2. Apakah tujuan kebijakan tercapai. Dimensi ini diukur dengan melihat dua faktor, yaitu:
a. Dampak atau efeknya pada masyarakat secara individu dan kelompok b. Tingkat perubahan yang terjadi serta penerimaan kelompok sasaran
dan perubahan yang terjadi.
Keberhasilan implementasi kebijakan juga sangat ditentukan oleh tingkat implementability kebijakan itu sendiri, yaitu yang terdiri dari Content of Policy dan Context of Policy, Grindle dalam Agustino 2006:1168.
1) Content of Policy menurut Grindle adalah
a. Kepentingan-kepentingan yang mempengaruhi, berkaitan dengan berbagai kepentingan yang mempengaruhi suatu implementasi kebijakan, indikator ini berargumen bahwa suatu kebijakan dalam pelaksanaannya pasti melibatkan banyak kepentingan, dan sejauhmana kepentingan- kepentingan tersebut membawa pengaruh terhadap implementasinya.
b. Jenis manfaat yang bisa diperoleh. Pada poin ini Content of Policy berupaya untuk menunjukan atau menjelaskan bahwa dalam suatu kebijakan harus terdapat beberapa jenis manfaat yang menunjukan dampak positif yang dihasilkan oleh pengimplementasian kebijakan yang hendak dilaksanakan.

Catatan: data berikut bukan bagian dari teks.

Definition induced_copy (H T : finType) (eH : rel H) (e : rel T) (f : H -> T) : Prop :=
  injective f /\ forall x y : H, e (f x) (f y) = eH x y.

Definition contains_induced (H T : finType) (eH : rel H) (e : rel T) : Prop :=
  exists f : H -> T, induced_copy eH e f.

Definition edges_rel (n : nat) (s : seq (nat * nat)) : rel 'I_n :=
  fun i j => ((nat_of_ord i, nat_of_ord j) \in s) || ((nat_of_ord j, nat_of_ord i) \in s).

Definition cyc_adj (k : nat) : rel 'I_k :=
  fun i j => (nat_of_ord j == (i.+1 %% k)) || (nat_of_ord i == (j.+1 %% k)).

Definition C5 : rel 'I_5 := @cyc_adj 5.

Definition bull : rel 'I_5 := @edges_rel 5 [:: (0,1); (1,2); (0,2); (1,3); (2,4)].

(* anchor: induced path 0-1-2-3, c = 4 adjacent to 0,1,2,3; a = 5 adjacent to
   none of 0..3; a and c adjacent iff b *)
Definition anchor (b : bool) : rel 'I_6 :=
  @edges_rel 6 ([:: (0,1); (1,2); (2,3); (4,0); (4,1); (4,2); (4,3)]
               ++ (if b then [:: (4,5)] else [::])).

Definition hole (T : finType) (e : rel T) (k : nat) (c : 'I_k -> T) : Prop :=
  4 <= k /\ induced_copy (@cyc_adj k) e c.

Definition odd_hole (T : finType) (e : rel T) (k : nat) (c : 'I_k -> T) : Prop :=
  hole e c /\ odd k.

Definition has_odd_hole (T : finType) (e : rel T) : Prop :=
  exists k (c : 'I_k -> T), odd_hole e c.

Definition shortest_odd_hole (T : finType) (e : rel T) (k : nat) (c : 'I_k -> T) : Prop :=
  odd_hole e c /\ forall k' (c' : 'I_k' -> T), odd_hole e c' -> k <= k'.

(* clean: every vertex v outside the hole has its neighbours on the hole
   contained in {c (i-1), c i, c (i+1)} for some i (a two-edge path of C). *)
Definition clean (T : finType) (e : rel T) (k : nat) (c : 'I_k -> T) : Prop :=
  forall v : T, (forall i, c i != v) ->
    exists i : 'I_k, forall j : 'I_k, e v (c j) ->
      [|| nat_of_ord j == nat_of_ord i, nat_of_ord j == (i.+1 %% k)
        | nat_of_ord i == (j.+1 %% k)].

Definition pure (T : finType) (e : rel T) : Prop :=
  ~ has_odd_hole e \/ exists k (c : 'I_k -> T), shortest_odd_hole e c /\ clean e c.

From Stdlib Require Import Classical.
From Stdlib Require Wf_nat.
From mathcomp Require Import all_boot zify.
Set Implicit Arguments. Unset Strict Implicit. Unset Printing Implicit Defensive.

(* Let C be a shortest odd hole, of length k >= 7 since G has no C5, and let v be a
   vertex off C.  Read the neighbourhood of v along C as a k-periodic boolean
   sequence.  A maximal run of two neighbours gives a bull and a run of four or more
   an anchor; a maximal run of non-neighbours of even length closes with v into an odd
   hole, which is shorter than C unless the run misses only two vertices of C, and
   then v is clean.  So if v is not clean, every maximal run has odd length; since
   the runs alternate around C there is an even number of them, forcing k even.
   If the sequence is constant, v is complete to C (an anchor) or anticomplete to C
   (clean). *)

Lemma flat_between_eq (A : nat -> bool) i j :
  (forall m, i < m < j -> A m = A m.+1) -> forall m, i < m <= j -> A m = A i.+1.
Proof.
move=> flat; elim=> [|m IH] // /andP[im mj].
have [-> //|m_ne_i] := eqVneq m i.
by rewrite -flat ?IH; lia.
Qed.

Section SwitchParity.
Variables (A : nat -> bool) (k : nat).
Hypothesis k_odd : odd k.
Hypothesis A_periodic : forall n, A (n + k) = A n.
Hypothesis switch_gaps_odd : forall i j, i < j -> A i != A i.+1 -> A j != A j.+1 ->
  (forall m, i < m < j -> A m = A m.+1) -> odd (j - i).
Variable n0 : nat.
Hypothesis switch_n0 : A n0 != A n0.+1.

Lemma switch_after i : exists t, A (i + t) != A (i + t).+1.
Proof.
have A_periodicM q n : A (n + q * k) = A n.
  by elim: q => [|q IH]; rewrite ?addn0 // mulSnr addnA A_periodic.
have i_le_ik : i <= i * k by rewrite leq_pmulr ?odd_gt0.
exists (n0 + i * k - i).
have -> : i + (n0 + i * k - i) = n0 + i * k by lia.
by rewrite -addSn !A_periodicM.
Qed.

Definition steps_to_switch i := ex_minn (switch_after i).

Lemma steps_to_switchP i :
  A (i + steps_to_switch i) != A (i + steps_to_switch i).+1 /\
  forall s, s < steps_to_switch i -> A (i + s) = A (i + s).+1.
Proof.
rewrite /steps_to_switch; case: ex_minnP => r sw_r r_min; split=> // s s_lt_r.
by apply: contraTeq s_lt_r => sw_s; rewrite -leqNgt r_min.
Qed.

Lemma steps_to_switch_eq i t :
  A (i + t) != A (i + t).+1 -> (forall s, s < t -> A (i + s) = A (i + s).+1) ->
  steps_to_switch i = t.
Proof.
have [sw r_min] := steps_to_switchP i => sw_t t_min.
apply/eqP; rewrite eqn_leq; apply/andP; split; rewrite leqNgt; apply/negP => lt.
- by move: sw_t; rewrite r_min ?eqxx.
- by move: sw; rewrite t_min ?eqxx.
Qed.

c. Derajat perubahan yang ingin dicapai. Setiap kebijakan mempunyai target yang hendak dan ingin dicapai. Adapu yang ingin dijelaskan pada
poin ini adalah bahwa seberapa besar perubahan yang hendak atau ingin dicapai melalui suatu implementasi kebijakan harus mempunyai skala yang jelas.
d. Letak pengambilan keputusan. Pengambilan keputusan dalam suatu kebijakan mempunyai peranan penting dalam pelaksanaan suatu kebijakan, maka pada bagian ini harus dijelaskan dimana letak pengambilan keputusan dari suatu kebijakan yang hendak diimplementasikan.
e. Pelaksana program. Dalam menjalankan suatu kebijakan atau program harus didukung dengan adanya pelaksana kebijakan yang kompeten dan kapabel demi keberhasilan suatu kebijakan. Hal ini harus terdata atau terpapar dengan baik pada bagian ini.
f. Sumber-sumber daya yang digunakan. Pelaksanaan suatu kebijakan juga harus didukung oleh sumber-sumber daya yang mendukung agar pelaksanaanya berjalan dengan baik.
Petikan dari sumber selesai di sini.